__Work instructions__:
The expected output is exactly the lines below, starting at the line with "Variables (T : topologicalType)" and ending at the line with "Proof. by move=> cf cg x; exact: continuousB", both included; no other line belongs in it.

__Material for this exercise__:
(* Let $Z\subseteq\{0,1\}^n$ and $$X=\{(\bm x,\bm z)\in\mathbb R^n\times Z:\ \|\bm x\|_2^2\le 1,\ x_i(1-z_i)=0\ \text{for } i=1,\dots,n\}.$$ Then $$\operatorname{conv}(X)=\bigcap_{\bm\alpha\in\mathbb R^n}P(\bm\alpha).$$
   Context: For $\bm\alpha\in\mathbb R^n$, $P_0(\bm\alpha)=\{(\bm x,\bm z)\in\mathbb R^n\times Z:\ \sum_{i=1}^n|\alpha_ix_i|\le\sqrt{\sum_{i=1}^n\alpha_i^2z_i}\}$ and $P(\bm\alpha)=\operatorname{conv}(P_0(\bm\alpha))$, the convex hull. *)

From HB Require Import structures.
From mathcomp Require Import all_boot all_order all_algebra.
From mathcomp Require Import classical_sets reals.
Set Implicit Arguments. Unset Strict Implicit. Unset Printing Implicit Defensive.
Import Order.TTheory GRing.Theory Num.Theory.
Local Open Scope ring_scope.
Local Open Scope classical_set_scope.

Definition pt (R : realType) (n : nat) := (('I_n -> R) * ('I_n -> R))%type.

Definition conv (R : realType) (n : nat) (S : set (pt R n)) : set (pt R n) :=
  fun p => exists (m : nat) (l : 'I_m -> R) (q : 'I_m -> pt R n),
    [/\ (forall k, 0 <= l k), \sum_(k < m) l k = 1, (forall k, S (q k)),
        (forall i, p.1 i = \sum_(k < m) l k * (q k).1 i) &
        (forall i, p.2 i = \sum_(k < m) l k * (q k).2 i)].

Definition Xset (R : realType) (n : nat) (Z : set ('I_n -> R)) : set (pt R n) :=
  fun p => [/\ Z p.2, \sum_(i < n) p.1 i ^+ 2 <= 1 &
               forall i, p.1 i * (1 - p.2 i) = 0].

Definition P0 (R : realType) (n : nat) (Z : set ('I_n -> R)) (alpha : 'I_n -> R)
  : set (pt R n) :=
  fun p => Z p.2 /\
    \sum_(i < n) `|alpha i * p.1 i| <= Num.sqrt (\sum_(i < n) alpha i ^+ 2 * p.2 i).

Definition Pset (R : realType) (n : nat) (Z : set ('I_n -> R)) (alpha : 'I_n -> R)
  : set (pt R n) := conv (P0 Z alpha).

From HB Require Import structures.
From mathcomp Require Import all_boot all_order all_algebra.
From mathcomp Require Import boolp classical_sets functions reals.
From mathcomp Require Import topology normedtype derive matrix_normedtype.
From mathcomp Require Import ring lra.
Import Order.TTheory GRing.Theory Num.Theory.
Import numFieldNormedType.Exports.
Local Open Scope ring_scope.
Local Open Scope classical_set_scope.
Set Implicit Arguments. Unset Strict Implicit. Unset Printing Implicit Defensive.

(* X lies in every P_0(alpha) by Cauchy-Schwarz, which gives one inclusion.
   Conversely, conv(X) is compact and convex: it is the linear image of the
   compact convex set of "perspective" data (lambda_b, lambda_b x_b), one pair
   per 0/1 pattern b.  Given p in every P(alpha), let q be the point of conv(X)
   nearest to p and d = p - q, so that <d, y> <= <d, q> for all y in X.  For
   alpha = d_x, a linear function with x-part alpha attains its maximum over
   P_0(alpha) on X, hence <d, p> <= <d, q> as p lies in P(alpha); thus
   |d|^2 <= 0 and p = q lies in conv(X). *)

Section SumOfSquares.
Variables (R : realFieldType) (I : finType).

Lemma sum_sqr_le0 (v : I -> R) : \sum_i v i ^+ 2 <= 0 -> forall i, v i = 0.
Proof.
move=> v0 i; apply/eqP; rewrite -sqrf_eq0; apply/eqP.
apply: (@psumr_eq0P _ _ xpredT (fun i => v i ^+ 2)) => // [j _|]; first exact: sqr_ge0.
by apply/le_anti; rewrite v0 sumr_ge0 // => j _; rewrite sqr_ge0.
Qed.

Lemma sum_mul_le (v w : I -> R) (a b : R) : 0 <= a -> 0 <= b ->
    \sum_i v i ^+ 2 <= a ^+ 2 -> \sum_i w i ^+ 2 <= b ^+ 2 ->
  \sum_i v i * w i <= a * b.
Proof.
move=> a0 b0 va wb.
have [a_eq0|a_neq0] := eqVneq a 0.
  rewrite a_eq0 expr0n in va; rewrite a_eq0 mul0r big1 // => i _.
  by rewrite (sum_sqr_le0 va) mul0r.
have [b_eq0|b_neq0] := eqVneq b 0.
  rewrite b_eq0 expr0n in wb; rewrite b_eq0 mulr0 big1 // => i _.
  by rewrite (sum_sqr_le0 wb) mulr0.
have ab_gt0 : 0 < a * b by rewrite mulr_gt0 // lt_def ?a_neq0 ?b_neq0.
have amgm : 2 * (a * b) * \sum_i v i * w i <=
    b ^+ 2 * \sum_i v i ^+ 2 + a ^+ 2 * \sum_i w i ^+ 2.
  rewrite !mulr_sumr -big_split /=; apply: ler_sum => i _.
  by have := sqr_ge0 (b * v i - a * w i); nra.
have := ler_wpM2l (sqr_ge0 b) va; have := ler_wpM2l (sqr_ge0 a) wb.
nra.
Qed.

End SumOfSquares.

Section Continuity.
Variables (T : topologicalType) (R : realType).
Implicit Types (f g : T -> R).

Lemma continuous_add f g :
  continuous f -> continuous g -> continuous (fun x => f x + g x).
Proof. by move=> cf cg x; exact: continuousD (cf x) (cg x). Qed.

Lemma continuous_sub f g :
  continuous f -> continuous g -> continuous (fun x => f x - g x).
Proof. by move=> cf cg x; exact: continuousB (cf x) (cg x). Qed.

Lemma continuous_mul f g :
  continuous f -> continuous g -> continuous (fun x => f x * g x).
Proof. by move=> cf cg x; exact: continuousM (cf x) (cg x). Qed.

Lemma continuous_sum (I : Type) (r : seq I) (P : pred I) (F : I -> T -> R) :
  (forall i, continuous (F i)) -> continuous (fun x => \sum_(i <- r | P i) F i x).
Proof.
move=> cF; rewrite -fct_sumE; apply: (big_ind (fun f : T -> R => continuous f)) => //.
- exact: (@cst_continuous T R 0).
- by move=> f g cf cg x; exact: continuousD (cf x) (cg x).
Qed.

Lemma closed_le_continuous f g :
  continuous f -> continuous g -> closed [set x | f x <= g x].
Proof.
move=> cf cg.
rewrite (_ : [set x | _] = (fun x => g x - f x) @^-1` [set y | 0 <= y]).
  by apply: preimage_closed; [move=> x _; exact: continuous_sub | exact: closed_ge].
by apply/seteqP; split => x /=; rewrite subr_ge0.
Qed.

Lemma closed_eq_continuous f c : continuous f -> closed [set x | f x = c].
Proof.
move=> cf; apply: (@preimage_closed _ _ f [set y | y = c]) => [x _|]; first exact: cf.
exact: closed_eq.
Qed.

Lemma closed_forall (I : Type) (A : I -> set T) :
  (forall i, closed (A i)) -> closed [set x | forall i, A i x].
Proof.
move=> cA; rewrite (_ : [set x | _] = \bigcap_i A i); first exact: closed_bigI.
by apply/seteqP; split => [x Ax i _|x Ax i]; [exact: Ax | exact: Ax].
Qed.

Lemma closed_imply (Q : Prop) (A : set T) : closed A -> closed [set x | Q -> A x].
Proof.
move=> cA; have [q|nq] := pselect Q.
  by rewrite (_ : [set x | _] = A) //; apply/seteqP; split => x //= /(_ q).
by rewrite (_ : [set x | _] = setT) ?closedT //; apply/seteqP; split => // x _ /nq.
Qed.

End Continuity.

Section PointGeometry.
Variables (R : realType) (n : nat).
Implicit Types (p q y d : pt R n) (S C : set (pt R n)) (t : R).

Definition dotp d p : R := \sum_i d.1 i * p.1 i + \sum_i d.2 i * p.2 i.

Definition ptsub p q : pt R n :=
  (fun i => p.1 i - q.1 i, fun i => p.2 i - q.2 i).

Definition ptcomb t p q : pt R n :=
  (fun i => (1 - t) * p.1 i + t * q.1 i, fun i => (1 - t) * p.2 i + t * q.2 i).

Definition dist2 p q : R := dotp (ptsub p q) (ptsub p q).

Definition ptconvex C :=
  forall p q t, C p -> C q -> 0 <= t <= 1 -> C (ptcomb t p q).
--
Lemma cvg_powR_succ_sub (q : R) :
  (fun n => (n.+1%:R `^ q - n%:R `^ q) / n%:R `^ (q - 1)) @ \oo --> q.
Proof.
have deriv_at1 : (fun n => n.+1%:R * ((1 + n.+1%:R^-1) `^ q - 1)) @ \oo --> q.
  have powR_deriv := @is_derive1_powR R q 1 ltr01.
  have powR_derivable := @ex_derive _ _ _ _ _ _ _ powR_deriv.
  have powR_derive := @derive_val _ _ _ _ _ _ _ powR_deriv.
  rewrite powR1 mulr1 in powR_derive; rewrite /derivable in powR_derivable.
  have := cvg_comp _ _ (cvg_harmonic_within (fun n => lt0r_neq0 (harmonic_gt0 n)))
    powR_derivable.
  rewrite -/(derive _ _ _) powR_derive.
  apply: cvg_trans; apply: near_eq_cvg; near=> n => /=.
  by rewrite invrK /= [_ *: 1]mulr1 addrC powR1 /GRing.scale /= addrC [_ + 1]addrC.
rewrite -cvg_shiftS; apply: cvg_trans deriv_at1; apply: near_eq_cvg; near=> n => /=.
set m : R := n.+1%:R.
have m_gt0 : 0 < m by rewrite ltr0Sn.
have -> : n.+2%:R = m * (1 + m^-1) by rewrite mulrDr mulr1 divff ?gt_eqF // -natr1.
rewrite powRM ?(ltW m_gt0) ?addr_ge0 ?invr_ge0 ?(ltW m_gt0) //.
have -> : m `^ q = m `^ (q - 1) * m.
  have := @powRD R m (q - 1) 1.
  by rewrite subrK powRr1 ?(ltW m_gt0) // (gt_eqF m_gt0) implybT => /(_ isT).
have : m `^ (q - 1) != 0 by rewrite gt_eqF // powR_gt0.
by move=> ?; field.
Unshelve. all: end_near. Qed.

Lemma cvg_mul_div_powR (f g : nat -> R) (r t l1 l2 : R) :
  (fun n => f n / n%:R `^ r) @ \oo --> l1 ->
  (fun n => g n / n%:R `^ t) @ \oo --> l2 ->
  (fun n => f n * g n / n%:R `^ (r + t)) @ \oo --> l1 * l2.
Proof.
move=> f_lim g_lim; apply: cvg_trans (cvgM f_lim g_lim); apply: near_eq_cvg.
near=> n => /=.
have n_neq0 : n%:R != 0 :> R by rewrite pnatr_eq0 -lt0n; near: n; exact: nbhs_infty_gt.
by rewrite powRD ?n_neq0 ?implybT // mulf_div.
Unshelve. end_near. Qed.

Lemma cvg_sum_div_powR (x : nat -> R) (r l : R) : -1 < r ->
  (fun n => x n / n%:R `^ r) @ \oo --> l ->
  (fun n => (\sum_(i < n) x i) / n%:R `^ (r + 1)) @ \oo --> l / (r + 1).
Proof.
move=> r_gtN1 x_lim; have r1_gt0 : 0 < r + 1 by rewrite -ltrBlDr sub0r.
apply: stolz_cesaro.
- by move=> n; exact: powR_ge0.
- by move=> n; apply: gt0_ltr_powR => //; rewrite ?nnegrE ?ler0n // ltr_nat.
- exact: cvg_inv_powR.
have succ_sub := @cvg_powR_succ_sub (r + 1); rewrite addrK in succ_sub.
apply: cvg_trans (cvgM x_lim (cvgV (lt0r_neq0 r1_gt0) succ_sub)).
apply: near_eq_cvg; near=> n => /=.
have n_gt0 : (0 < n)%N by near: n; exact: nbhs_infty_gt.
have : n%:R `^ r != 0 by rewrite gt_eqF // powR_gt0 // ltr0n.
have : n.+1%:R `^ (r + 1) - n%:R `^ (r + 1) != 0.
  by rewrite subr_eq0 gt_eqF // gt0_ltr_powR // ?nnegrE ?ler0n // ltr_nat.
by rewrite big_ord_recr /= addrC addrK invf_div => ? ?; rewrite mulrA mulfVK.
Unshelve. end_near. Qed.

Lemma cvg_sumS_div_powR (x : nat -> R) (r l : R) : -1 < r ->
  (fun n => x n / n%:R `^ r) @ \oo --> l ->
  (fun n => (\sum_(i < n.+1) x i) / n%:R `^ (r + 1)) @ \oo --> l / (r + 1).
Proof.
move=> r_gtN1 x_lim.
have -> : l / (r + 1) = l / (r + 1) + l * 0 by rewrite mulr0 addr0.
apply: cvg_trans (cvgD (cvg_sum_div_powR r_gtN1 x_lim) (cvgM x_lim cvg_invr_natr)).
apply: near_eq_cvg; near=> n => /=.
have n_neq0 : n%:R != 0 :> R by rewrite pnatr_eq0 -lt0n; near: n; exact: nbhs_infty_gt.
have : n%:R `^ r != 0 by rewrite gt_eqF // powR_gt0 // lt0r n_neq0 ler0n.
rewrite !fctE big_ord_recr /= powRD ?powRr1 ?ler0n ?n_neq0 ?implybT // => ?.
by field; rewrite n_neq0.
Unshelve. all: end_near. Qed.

__Reply to the exercise__:
Variables (T : topologicalType) (R : realType).
Implicit Types (f g : T -> R).

Lemma continuous_add f g :
  continuous f -> continuous g -> continuous (fun x => f x + g x).
Proof. by move=> cf cg x; exact: continuousD (cf x) (cg x). Qed.

Lemma continuous_sub f g :
  continuous f -> continuous g -> continuous (fun x => f x - g x).
Proof. by move=> cf cg x; exact: continuousB (cf x) (cg x). Qed.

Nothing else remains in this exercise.